Task instructions
All lines holding the word "kappaZ" in the listing below need to be copied.

Records to use

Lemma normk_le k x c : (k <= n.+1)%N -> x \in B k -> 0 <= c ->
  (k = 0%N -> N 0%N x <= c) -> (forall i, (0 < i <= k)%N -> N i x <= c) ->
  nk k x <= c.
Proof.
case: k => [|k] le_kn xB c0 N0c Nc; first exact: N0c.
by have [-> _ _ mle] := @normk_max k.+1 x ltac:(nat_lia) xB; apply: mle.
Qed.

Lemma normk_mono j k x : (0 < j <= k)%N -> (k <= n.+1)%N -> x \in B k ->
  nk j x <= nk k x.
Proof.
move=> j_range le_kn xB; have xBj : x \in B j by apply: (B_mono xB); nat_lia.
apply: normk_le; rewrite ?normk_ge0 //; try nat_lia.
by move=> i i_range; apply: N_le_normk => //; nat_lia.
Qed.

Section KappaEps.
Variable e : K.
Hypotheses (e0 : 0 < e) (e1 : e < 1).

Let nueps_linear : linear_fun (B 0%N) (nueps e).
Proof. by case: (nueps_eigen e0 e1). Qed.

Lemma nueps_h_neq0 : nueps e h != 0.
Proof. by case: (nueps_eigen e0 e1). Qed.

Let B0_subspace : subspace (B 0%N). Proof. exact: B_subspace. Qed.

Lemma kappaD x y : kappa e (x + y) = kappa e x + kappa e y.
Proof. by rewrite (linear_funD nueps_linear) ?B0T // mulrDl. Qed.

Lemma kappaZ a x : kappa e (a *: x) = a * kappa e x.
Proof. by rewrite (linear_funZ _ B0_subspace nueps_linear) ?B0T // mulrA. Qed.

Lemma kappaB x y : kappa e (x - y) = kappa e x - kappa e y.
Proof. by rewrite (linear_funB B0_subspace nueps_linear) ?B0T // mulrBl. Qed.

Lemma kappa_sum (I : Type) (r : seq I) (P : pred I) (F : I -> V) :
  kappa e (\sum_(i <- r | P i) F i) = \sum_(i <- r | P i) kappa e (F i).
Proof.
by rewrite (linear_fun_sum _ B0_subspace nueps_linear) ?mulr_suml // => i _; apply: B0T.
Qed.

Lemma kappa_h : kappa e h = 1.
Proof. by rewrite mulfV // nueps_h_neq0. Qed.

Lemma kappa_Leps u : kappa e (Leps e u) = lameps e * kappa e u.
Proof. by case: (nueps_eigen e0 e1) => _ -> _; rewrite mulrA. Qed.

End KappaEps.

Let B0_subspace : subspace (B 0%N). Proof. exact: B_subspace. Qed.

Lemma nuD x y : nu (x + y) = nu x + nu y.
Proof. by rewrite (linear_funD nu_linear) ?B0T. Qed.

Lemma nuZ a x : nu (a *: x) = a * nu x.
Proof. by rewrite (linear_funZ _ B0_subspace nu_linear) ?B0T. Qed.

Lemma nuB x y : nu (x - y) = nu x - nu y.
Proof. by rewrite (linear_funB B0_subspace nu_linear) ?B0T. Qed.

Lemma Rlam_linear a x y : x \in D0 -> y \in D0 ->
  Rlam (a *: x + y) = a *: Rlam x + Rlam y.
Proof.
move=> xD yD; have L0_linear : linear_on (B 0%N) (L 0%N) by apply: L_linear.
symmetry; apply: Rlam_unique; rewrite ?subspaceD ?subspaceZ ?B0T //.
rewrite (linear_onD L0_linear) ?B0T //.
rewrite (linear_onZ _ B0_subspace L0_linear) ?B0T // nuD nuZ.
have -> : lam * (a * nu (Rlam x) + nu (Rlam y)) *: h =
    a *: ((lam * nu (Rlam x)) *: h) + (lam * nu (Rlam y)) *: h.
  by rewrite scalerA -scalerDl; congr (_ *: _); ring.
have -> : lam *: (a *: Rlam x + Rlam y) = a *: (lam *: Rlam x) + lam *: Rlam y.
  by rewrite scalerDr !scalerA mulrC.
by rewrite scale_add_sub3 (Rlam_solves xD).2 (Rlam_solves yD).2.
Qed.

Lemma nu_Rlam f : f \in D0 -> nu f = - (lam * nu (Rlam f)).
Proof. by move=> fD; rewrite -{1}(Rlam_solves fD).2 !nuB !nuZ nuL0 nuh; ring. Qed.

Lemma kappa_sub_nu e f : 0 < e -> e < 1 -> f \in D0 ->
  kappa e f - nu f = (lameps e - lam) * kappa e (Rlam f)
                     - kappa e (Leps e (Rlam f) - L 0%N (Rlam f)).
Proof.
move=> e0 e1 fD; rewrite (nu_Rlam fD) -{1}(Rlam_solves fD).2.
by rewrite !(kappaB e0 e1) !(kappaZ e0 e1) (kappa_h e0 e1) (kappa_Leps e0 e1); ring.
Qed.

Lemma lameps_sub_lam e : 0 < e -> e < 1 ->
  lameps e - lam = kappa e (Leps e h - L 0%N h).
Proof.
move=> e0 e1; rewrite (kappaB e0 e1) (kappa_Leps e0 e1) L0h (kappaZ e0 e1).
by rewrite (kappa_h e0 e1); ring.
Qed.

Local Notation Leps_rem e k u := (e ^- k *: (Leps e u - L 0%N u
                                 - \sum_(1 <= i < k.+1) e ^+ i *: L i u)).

---

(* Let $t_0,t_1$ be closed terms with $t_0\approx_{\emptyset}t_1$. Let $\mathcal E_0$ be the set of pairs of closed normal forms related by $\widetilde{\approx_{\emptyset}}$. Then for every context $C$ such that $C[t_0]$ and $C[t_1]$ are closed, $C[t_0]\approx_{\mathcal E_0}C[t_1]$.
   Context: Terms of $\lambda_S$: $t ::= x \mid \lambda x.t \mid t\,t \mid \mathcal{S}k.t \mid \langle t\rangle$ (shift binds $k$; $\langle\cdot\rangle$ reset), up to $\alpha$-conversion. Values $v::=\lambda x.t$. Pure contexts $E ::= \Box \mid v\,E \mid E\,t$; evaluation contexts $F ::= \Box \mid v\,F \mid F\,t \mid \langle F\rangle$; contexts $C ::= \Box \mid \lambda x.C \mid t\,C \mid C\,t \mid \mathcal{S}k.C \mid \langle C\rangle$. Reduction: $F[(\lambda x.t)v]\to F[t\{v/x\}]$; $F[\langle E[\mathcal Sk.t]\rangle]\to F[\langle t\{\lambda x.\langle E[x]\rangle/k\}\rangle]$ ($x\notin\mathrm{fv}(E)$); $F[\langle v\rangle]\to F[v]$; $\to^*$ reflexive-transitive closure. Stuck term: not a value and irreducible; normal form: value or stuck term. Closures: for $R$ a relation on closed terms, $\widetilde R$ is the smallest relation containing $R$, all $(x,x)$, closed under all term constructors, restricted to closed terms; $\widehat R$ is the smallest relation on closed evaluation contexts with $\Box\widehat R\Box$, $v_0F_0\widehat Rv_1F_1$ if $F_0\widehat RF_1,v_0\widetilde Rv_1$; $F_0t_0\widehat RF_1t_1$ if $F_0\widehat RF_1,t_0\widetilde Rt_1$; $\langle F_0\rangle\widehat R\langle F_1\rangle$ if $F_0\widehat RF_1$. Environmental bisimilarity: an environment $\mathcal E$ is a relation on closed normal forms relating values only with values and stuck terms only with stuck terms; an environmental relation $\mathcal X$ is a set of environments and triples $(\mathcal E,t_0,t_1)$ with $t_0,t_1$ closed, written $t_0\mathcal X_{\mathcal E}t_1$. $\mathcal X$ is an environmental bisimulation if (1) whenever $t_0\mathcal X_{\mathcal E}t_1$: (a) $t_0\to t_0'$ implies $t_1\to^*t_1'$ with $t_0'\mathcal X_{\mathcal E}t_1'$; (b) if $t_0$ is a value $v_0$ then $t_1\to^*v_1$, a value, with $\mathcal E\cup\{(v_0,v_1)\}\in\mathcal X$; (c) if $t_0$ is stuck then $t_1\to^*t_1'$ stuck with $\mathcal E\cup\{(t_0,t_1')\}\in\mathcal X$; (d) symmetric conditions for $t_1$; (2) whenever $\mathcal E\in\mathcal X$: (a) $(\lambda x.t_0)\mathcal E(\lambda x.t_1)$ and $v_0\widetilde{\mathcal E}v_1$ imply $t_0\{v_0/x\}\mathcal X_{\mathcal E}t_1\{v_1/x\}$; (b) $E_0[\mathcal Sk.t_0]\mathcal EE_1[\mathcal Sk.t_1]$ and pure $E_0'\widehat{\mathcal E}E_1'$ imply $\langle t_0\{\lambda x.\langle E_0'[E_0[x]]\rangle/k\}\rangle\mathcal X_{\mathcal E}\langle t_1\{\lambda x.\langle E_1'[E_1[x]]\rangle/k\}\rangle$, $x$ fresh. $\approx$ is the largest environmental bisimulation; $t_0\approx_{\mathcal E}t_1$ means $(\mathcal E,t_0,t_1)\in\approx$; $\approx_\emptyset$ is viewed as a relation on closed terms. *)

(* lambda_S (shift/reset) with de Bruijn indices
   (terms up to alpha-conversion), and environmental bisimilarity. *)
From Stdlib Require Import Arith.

Written answer
Lemma kappaZ a x : kappa e (a *: x) = a * kappa e x.
by rewrite !(kappaB e0 e1) !(kappaZ e0 e1) (kappa_h e0 e1) (kappa_Leps e0 e1); ring.
move=> e0 e1; rewrite (kappaB e0 e1) (kappa_Leps e0 e1) L0h (kappaZ e0 e1).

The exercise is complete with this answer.